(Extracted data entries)
*-*-*

(* Let $\chi,b,\nu,\mu>0$ with $b\ge\frac32\chi\mu$, and $c\in\mathbb{R}$. Let $r$ be globally Hölder continuous and bounded with $r^*:=\sup_{\mathbb{R}}r>0$, finite limits $r(\pm\infty)<0$, and $\min\{r(\infty),r(-\infty)\}\le r(x)$ for all $x$. Fix $\bar r$ with $\max\{r(-\infty),r(\infty)\}<\bar r<0$, a point $\bar x$ with $r(x)<\bar r$ for all $x<\bar x$, a point $\tilde x$ with $r(x)<\bar r$ for all $x>\tilde x$, let $\bar\theta$ be the positive root of $\theta^2+c\theta+\bar r=0$ and $\tilde\theta$ the positive root of $\theta^2-c\theta+\bar r=0$. Then for every $u\in\mathcal{E}_2^+$: $\mathcal{A}_u\big(\frac{r^*}{b-\chi\mu}e^{\bar\theta(\cdot-\bar x)}\big)(x)\le0$ for $x\in(-\infty,\bar x)$; $\mathcal{A}_u\big(\frac{r^*}{b-\chi\mu}\big)(x)\le0$ for $x\in\mathbb{R}$; and $\mathcal{A}_u\big(\frac{r^*}{b-\chi\mu}e^{-\tilde\theta(\cdot-\tilde x)}\big)(x)\le0$ for $x\in(\tilde x,\infty)$.
   Context: $C^b_{\rm unif}(\mathbb{R})$: bounded uniformly continuous functions on $\mathbb{R}$. $\Psi(x;u)=\frac{\mu}{2\sqrt\nu}\int_{\mathbb{R}}e^{-\sqrt\nu|x-y|}u(y)dy$ (bounded solution of $\Psi''-\nu\Psi+\mu u=0$). $U_2^+(x)=\frac{r^*}{b-\chi\mu}e^{\bar\theta(x-\bar x)}$ for $x<\bar x$, $=\frac{r^*}{b-\chi\mu}$ for $\bar x\le x\le\tilde x$, $=\frac{r^*}{b-\chi\mu}e^{-\tilde\theta(x-\tilde x)}$ for $x>\tilde x$; $\mathcal{E}_2^+=\{u\in C^b_{\rm unif}(\mathbb{R}):0\le u(x)\le U_2^+(x)\ \forall x\}$. For $u\in\mathcal{E}_2^+$, $\mathcal{A}_u(U)(x)=U_{xx}+(c-\chi\Psi_x(x;u))U_x+(r(x)-\chi\nu\Psi(x;u)-(b-\chi\mu)U)U$. *)

From Stdlib Require Import Reals.
From Coquelicot Require Import Coquelicot.
Open Scope R_scope.

Definition Psi (mu nu : R) (u : R -> R) (x : R) : R :=
  mu / (2 * sqrt nu) *
  RInt_gen (fun y => exp (- sqrt nu * Rabs (x - y)) * u y)
           (Rbar_locally m_infty) (Rbar_locally p_infty).

Definition Psi_x (mu nu : R) (u : R -> R) (x : R) : R :=
  Derive (Psi mu nu u) x.

Definition A_op (chi mu nu b c : R) (r : R -> R) (u U : R -> R) (x : R) : R :=
  Derive_n U 2 x + (c - chi * Psi_x mu nu u x) * Derive U x
  + (r x - chi * nu * Psi mu nu u x - (b - chi * mu) * U x) * U x.

Definition U2plus (chi mu b rstar thb tht xb xt : R) (x : R) : R :=
  if Rlt_dec x xb then rstar / (b - chi * mu) * exp (thb * (x - xb))
  else if Rle_dec x xt then rstar / (b - chi * mu)
  else rstar / (b - chi * mu) * exp (- tht * (x - xt)).

Definition bounded_unif_cont (u : R -> R) : Prop :=
  (exists M, forall x, Rabs (u x) <= M) /\
  (forall eps, 0 < eps -> exists delta, 0 < delta /\
     forall x y, Rabs (x - y) < delta -> Rabs (u x - u y) < eps).

Definition E2plus (chi mu b rstar thb tht xb xt : R) (u : R -> R) : Prop :=
  bounded_unif_cont u /\
  forall x, 0 <= u x <= U2plus chi mu b rstar thb tht xb xt x.

Definition globally_Holder (r : R -> R) : Prop :=
  exists alpha L, 0 < alpha <= 1 /\ 0 <= L /\
    forall x y, x <> y -> Rabs (r x - r y) <= L * Rpower (Rabs (x - y)) alpha.

Definition bounded_fun (r : R -> R) : Prop := exists M, forall x, Rabs (r x) <= M.

Definition is_sup_fun (r : R -> R) (s : R) : Prop :=
  (forall x, r x <= s) /\ (forall e, 0 < e -> exists x, s - e < r x).

(* Write s = sqrt nu.  Splitting the convolution at x gives
   Psi = mu/(2s) (L + R) with L(x) = int_{-oo}^x e^{-s(x-y)} u(y) dy and
   R(x) = int_x^{+oo} e^{-s(y-x)} u(y) dy, both nonnegative, L' = u - s L and
   R' = s R - u, hence Psi_x = mu/2 (R - L).  For the constant K = rstar/(b - chi mu),
   A_u(K) = (r - chi nu Psi - rstar) K <= 0.  For U = K e^{theta (x - x0)} with
   theta^2 + c theta + rbar = 0 and u <= U left of x, one gets (s + theta) L <= U, so
     A_u(U)/U = (r - rbar) - chi mu/2 (R - L) theta - chi mu s/2 (L + R) - (b - chi mu) U
             <= chi mu/2 theta L - (b - chi mu) U <= (3/2 chi mu - b) U <= 0.
   The decaying exponential right of xt is the mirror image, with L and R exchanged. *)

From Stdlib Require Import Reals Lra Psatz Classical_Pred_Type.
From Coquelicot Require Import Coquelicot.
Open Scope R_scope.

Lemma filterlim_p_infty_nondecreasing (F : R -> R) (a B : R) :
  (forall x y, a <= x <= y -> F x <= F y) -> (forall x, a <= x -> F x <= B) ->
  exists l, filterlim F (Rbar_locally p_infty) (locally l).
Proof.
intros Hmono Hbnd.
destruct (completeness (fun z => exists x, a <= x /\ z = F x)) as [l [Hub Hlub]].
- exists B. intros z [x [Hx ->]]. now apply Hbnd.
- exists (F a), a. split; [apply Rle_refl | reflexivity].
- exists l. intros P [eps HP].
  assert (Hnear : exists x0, a <= x0 /\ l - eps < F x0).
  { apply not_all_not_ex. intros Hnot.
    assert (l <= l - eps).
    { apply Hlub. intros z [x [Hx ->]].
      apply Rnot_lt_le. intros Hlt. now apply (Hnot x). }
    pose proof (cond_pos eps). lra. }
  destruct Hnear as [x0 [Hax0 Hx0]].
  exists x0. intros x Hx. apply HP. change (Rabs (F x - l) < eps).
  assert (F x <= l) by (apply Hub; exists x; split; [lra | reflexivity]).
  assert (F x0 <= F x) by (apply Hmono; lra).
  apply Rabs_def1; lra.
Qed.

Lemma is_RInt_gen_p_infty_of_filterlim (f : R -> R) (a l : R) :
  (forall b, ex_RInt f a b) ->
  filterlim (RInt f a) (Rbar_locally p_infty) (locally l) ->
  is_RInt_gen f (at_point a) (Rbar_locally p_infty) l.
Proof.
intros Hf Hlim P HP.
apply Filter_prod with (fun x => x = a) (fun b => P (RInt f a b)).
- reflexivity.
- exact (Hlim P HP).
- intros x b -> Hb. exists (RInt f a b). split; [exact (RInt_correct _ _ _ (Hf b)) | exact Hb].
Qed.

Lemma is_RInt_gen_p_infty_shift (f : R -> R) (a x l : R) :
  ex_RInt f x a -> is_RInt_gen f (at_point a) (Rbar_locally p_infty) l ->
  is_RInt_gen f (at_point x) (Rbar_locally p_infty) (RInt f x a + l).
Proof.
intros Hxa Hl. apply (is_RInt_gen_Chasles f a); [|exact Hl].
apply is_RInt_gen_at_point. exact (RInt_correct _ _ _ Hxa).
Qed.

Lemma is_RInt_gen_p_infty_norm (f g : R -> R) (a lf lg : R) :
  (forall y, a <= y -> Rabs (f y) <= g y) ->
  is_RInt_gen f (at_point a) (Rbar_locally p_infty) lf ->
  is_RInt_gen g (at_point a) (Rbar_locally p_infty) lg -> Rabs lf <= lg.
Proof.
intros Hfg Hf Hg.
apply (@RInt_gen_norm R_CompleteNormedModule (at_point a) (Rbar_locally p_infty) _ _
  f g lf lg); [| | exact Hf | exact Hg].
- apply Filter_prod with (fun x => x = a) (fun b => a < b); [reflexivity | now exists a |].
  intros x b -> Hb. simpl. lra.
- apply Filter_prod with (fun x => x = a) (fun b => a < b); [reflexivity | now exists a |].
  intros x b -> Hb y Hy. apply Hfg. simpl in Hy. lra.
Qed.

Lemma is_RInt_gen_p_infty_ge0 (f : R -> R) (a l : R) :
  (forall y, a <= y -> 0 <= f y) ->
  is_RInt_gen f (at_point a) (Rbar_locally p_infty) l -> 0 <= l.
Proof.
intros Hf Hl.
assert (Rabs l <= l).
{ apply (is_RInt_gen_p_infty_norm f f a); [| exact Hl | exact Hl].
  intros y Hy. rewrite Rabs_pos_eq; [apply Rle_refl | now apply Hf]. }
pose proof (Rabs_pos l). lra.
Qed.

Lemma is_RInt_gen_p_infty_le (f g : R -> R) (a lf lg : R) :
  (forall y, a <= y -> Rabs (f y) <= g y) ->
  is_RInt_gen f (at_point a) (Rbar_locally p_infty) lf ->
  is_RInt_gen g (at_point a) (Rbar_locally p_infty) lg -> lf <= lg.
Proof.
intros Hfg Hf Hg. apply Rle_trans with (Rabs lf); [apply Rle_abs |].
exact (is_RInt_gen_p_infty_norm f g a lf lg Hfg Hf Hg).
Qed.

Lemma ex_RInt_gen_p_infty_le (f g : R -> R) (a lg : R) :
  (forall x y, ex_RInt f x y) -> (forall x y, ex_RInt g x y) ->
  (forall y, a <= y -> 0 <= f y <= g y) ->
  is_RInt_gen g (at_point a) (Rbar_locally p_infty) lg ->
  ex_RInt_gen f (at_point a) (Rbar_locally p_infty).
Proof.
intros Hf Hg Hfg Hlg.
assert (Hmono : forall x y, a <= x <= y -> RInt f a x <= RInt f a y).
{ intros x y Hxy. rewrite <- (RInt_Chasles f a x y) by apply Hf.
  assert (0 <= RInt f x y).
  { apply RInt_ge_0; [lra | apply Hf |]. intros z Hz. apply Hfg. lra. }
  change (plus (RInt f a x) (RInt f x y)) with (RInt f a x + RInt f x y). lra. }
assert (Hbnd : forall b, a <= b -> RInt f a b <= lg).
{ intros b Hb.
  assert (Htail : 0 <= RInt g b a + lg).
  { apply (is_RInt_gen_p_infty_ge0 g b); [intros y Hy; pose proof (Hfg y ltac:(lra)); lra |].
    apply is_RInt_gen_p_infty_shift; [apply Hg | exact Hlg]. }
  rewrite <- (opp_RInt_swap g a b (Hg a b)) in Htail.
  assert (RInt f a b <= RInt g a b).
  { apply RInt_le; [lra | apply Hf | apply Hg |]. intros z Hz. apply Hfg. lra. }
  change (opp (RInt g a b)) with (- RInt g a b) in Htail. lra. }
destruct (filterlim_p_infty_nondecreasing (RInt f a) a lg Hmono Hbnd) as [l Hl].
exists l. apply is_RInt_gen_p_infty_of_filterlim; [apply Hf | exact Hl].
Qed.

Lemma filterlim_exp_p_infty (C k : R) : 0 < k ->
  filterlim (fun y => C * exp (- k * y)) (Rbar_locally p_infty) (locally 0).
Proof.
intros Hk.
apply (filterlim_comp _ _ _ (fun y => - k * y) (fun z => C * exp z) _ (Rbar_locally m_infty)).
- intros P [M HM]. exists (- M / k). intros y Hy. apply HM.
  assert (k * (- M / k) = - M) by (field; lra). nra.
- rewrite <- (Rmult_0_r C).
  apply (filterlim_comp _ _ _ exp (fun z => C * z) _ (locally 0)).
  + exact is_lim_exp_m.
  + apply (continuous_mult (fun _ => C) (fun z => z)); [apply continuous_const | apply continuous_id].
Qed.

Lemma is_RInt_gen_exp_p_infty (k x : R) : 0 < k ->
  is_RInt_gen (fun y => exp (- k * y)) (at_point x) (Rbar_locally p_infty)
    (exp (- k * x) / k).
Proof.
intros Hk.
set (F := fun y => - / k * exp (- k * y)).
assert (HF : forall y, is_derive F y (exp (- k * y))).
{ intros y. unfold F. auto_derive; [trivial | field; lra]. }
replace (exp (- k * x) / k) with (0 - F x) by (unfold F; field; lra).
apply (is_RInt_gen_ext (Derive F)).
- apply filter_forall. intros ab y _. now apply is_derive_unique.
- apply is_RInt_gen_Derive.
  + apply filter_forall. intros ab y _. eexists. apply HF.
  + apply filter_forall. intros ab y _.
    apply (continuous_ext (fun y => exp (- k * y))).
    * intros z. symmetry. now apply is_derive_unique.
    * apply (@ex_derive_continuous R_AbsRing R_NormedModule). auto_derive. trivial.
  + intros P HP. exact (locally_singleton _ _ HP).
  + exact (filterlim_exp_p_infty (- / k) k Hk).
Qed.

*-*-*

If a line in the entries above has the word "Hbnd", copy it.

THE COMPLETED TASK
intros Hmono Hbnd.
- exists B. intros z [x [Hx ->]]. now apply Hbnd.
assert (Hbnd : forall b, a <= b -> RInt f a b <= lg).
destruct (filterlim_p_infty_nondecreasing (RInt f a) a lg Hmono Hbnd) as [l Hl].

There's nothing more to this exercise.